Problem Description
There are N nodes, numbered from 1 to N, and these N nodes are disconnected from each other at first. The initial weight of the i-th node is a[i], and then there are the following operations:
U xy: Add an edge to connect the x-th node and the y-th node
A1 xv: Increase the weight of the x-th node v
A2 xv: Increase the weights of all nodes in the connected block where the xth node is located v
A3 v: Increase the weights of all nodes v
F1 x: Output the current weight of the xth node
F2 x: Output In the connected block where the xth node is located, the weight of the node with the largest weight
F3: output the weight of the node with the largest weight among all nodes
input format
The first line of input is an integer N, representing the number of nodes.
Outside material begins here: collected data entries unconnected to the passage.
(* Let $p$ be a prime. Let $M$ be a matroid over $\mathbb{Z}/p\mathbb{Z}$ and $N$ a sparse paving matroid over $\mathbb{Z}/p\mathbb{Z}$, both of the same rank $n$, such that either (1) $E(M)$ is not a progression and $|E(M)|=|E(N)|-1$, or (2) $E(M)$ is neither a progression nor a semi-progression and $|E(M)|=|E(N)|$. If $0\notin E(N)$, then $M$ is matched to $N$.
   Context: A matroid over an abelian group $G$ is a matroid $M$ whose finite ground set $E(M)$ is a subset of $G$; all matroids are assumed loopless. A matroid of rank $n$ is paving if every $(n-1)$-element subset of its ground set is independent; it is sparse paving if both it and its dual matroid are paving. A progression of length $k$ with difference $x$ and initial term $a$ is a set $\{a,a+x,\dots,a+(k-1)x\}$; a set $A$ is a semi-progression if $A\setminus\{a\}$ is a progression for some $a\in A$. For matroids $M,N$ over $G$ with $r(M)=r(N)=n>0$ and bases $\mathcal{M}=\{a_1,\dots,a_n\}$ of $M$ and $\mathcal{N}=\{b_1,\dots,b_n\}$ of $N$, $\mathcal{M}$ is matched to $\mathcal{N}$ if there is a permutation $\pi\in S_n$ with $a_i+b_{\pi(i)}\notin E(M)$ for all $i$. $M$ is matched to $N$ if for every basis $\mathcal{M}$ of $M$ there exists a basis $\mathcal{N}$ of $N$ such that $\mathcal{M}$ is matched to $\mathcal{N}$. *)

From HB Require Import structures.
From mathcomp Require Import all_boot all_order all_algebra.
Set Implicit Arguments. Unset Strict Implicit. Unset Printing Implicit Defensive.
Import GRing.Theory.
Local Open Scope ring_scope.

Section Matroids.
Variable T : finType.

Definition is_matroid (E : {set T}) (B : {set {set T}}) : Prop :=
  [/\ B != set0,
      (forall X : {set T}, X \in B -> X \subset E) &
      (forall B1 B2, B1 \in B -> B2 \in B -> forall x, x \in B1 :\: B2 ->
         exists2 y, y \in B2 :\: B1 & y |: (B1 :\ x) \in B)].

Definition indep (B : {set {set T}}) (X : {set T}) : bool :=
  [exists Y in B, X \subset Y].

Definition loopless (E : {set T}) (B : {set {set T}}) : Prop :=
  forall x, x \in E -> indep B [set x].
Definition interp_dist (u : R) (p q : Y * bool) : R :=
  (1 - u) * dist p.1 q.1 + u * double_dist r (c p.1, p.2) (c q.1, q.2).

Section Interior.
Variables (u : R) (u_gt0 : 0 < u) (u_lt1 : u < 1).

Lemma interp_dist_eq0 p q : interp_dist u p q = 0 <-> p = q.
Proof.
split; last by move=> ->; rewrite /interp_dist dist_xx (double_dist_eq0 r_gt0 hs _ _).2 //; ring.
rewrite /interp_dist => h; have u0 := u_gt0; have u1 := u_lt1.
have d1 := dist_ge0 p.1 q.1; have d2 := double_dist_ge0 r_gt0 hs (c p.1, p.2) (c q.1, q.2).
have /dist_eq0 e1 : dist p.1 q.1 = 0 by apply/eqP; rewrite eq_le d1 andbT; nra.
have /(double_dist_eq0 r_gt0 hs) [_ e2] : double_dist r (c p.1, p.2) (c q.1, q.2) = 0.
  by apply/eqP; rewrite eq_le d2 andbT; nra.
by case: p q e1 e2 {h d1 d2 u0 u1} => [a i] [b j] /= -> ->.
Qed.

Lemma interp_dist_sym p q : interp_dist u p q = interp_dist u q p.
Proof. by rewrite /interp_dist dist_sym double_dist_sym. Qed.

Lemma interp_dist_tri p q z : interp_dist u p z <= interp_dist u p q + interp_dist u q z.
Proof.
rewrite /interp_dist.
have := dist_tri p.1 q.1 z.1.
have := double_dist_tri r_gt0 hs ht (c p.1, p.2) (c q.1, q.2) (c z.1, z.2).
have := u_gt0; have := u_lt1; nra.
Qed.

Definition interp : MetricSpace :=
  {| carrier := Y * bool; dist := interp_dist u; dist_eq0 := interp_dist_eq0;
     dist_sym := interp_dist_sym; dist_tri := interp_dist_tri |}.

End Interior.

(* At [u = 0] the pseudometric [interp_dist u] collapses the sheets (giving [Y]); at
   [u = 1] it identifies the points with the same label (giving [double M r]). *)
Definition sphere_path (u : R) : MetricSpace :=
  match pselect (0 < u) with
  | left u_gt0 => match pselect (u < 1) with
                  | left u_lt1 => interp u_gt0 u_lt1
                  | right _ => double r_gt0 hs ht
                  end
  | right _ => Y
  end.

Lemma sphere_path0 : sphere_path 0 = Y.
Proof. by rewrite /sphere_path; case: pselect => // h; exfalso; rewrite ltxx in h. Qed.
The next line inputs N integers, a[1], a[2], …, a[N], representing the initial weights of N nodes.
Enter an integer Q on the next line, representing the next operand.
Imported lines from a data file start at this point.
Lemma energy_coercive k : exists B, forall x, energy x <= energy 0 -> `|x ord0 k| <= B.
Proof.
have [K1 HK1] := chem_part_lb.
have [K2 [P [P0 HP]]] := elec_part_lb.
set K3 := \sum_q entropy_const q.
set S := energy 0 + K1 + K2 + 2 * K3.
have K30 : 0 <= K3 by apply: sumr_ge0 => q _; exact: entropy_const_ge0.
have elec_bound x i : energy x <= energy 0 -> `|elec_pot x i| <= 1 + P i * S.
  rewrite energy_split => h.
  have := HK1 x; have := HP x i; have := entropy_part_lb x; rewrite -/K3 => h1 h2 h3.
  have h4 : elec_pot x i ^+ 2 / P i <= S by rewrite /S; lra.
  have h5 : elec_pot x i ^+ 2 <= P i * S by rewrite -ler_pdivrMl // mulrC.
  by have := normr_le1Dsqr (elec_pot x i); lra.
have log_bound x l i : energy x <= energy 0 ->
    `|log_conc x l i| <= S / entropy_rate (l, i).
  rewrite energy_split ler_pdivlMr ?entropy_rate_gt0 // => h.
  have := entropy_part_ge x (l, i); rewrite -/K3 mulrC.
  have := HK1 x; have := HP x i.
  have := divr_ge0 (sqr_ge0 (elec_pot x i)) (ltW (P0 i)).
  rewrite /S; lra.
have kE : k = vidx (enum_val k) by rewrite /vidx enum_valK.
case: (enum_val k) kE => [[l i]|i] ->; last by exists (1 + P i * S) => x; exact: elec_bound.
exists (S / entropy_rate (l, i) + `|z l| * (1 + P i * S)) => x h.
have -> : x ord0 (vidx (inl (l, i))) = log_conc x l i + z l * elec_pot x i.
  by rewrite /log_conc /chem_pot; ring.
apply: le_trans (ler_normD _ _) _; rewrite normrM.
apply: lerD; first exact: log_bound.
by apply: ler_wpM2l; [exact: normr_ge0 | exact: elec_bound].
Qed.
Finally, enter the Q line, the format of each line is as shown in the title description.
output format
For operations F1, F2, and F3, output the corresponding results, each of which occupies a row.
sample input
3
0 0 0
8
A1 3 -20
A1 2 20
U 1 3
A2 1 10
F1 3
F2 3
A3 -10
F3
Sample output
-10
10
10
data range
For 30% of the data, guarantee N<=100, Q<=10000
For 80% of the data, guarantee N<=100000, Q<=100000
For 100% of the data, guarantee N<=300000, Q<=300000
For all The data is guaranteed to be valid, and -1000<=v, a[1], a[2], …, a[N]<=1000
answer
Let's maintain a sloping heap.
Merge operation and A3 will not be said.
Let's do A2 first. Just place a Lzay marker on top of the stack. However, in order to ensure the decentralization of the mark, every time in GetFather, all the points from the point to the top of the heap must be placed under the mark (for details, see the gf() function in the code).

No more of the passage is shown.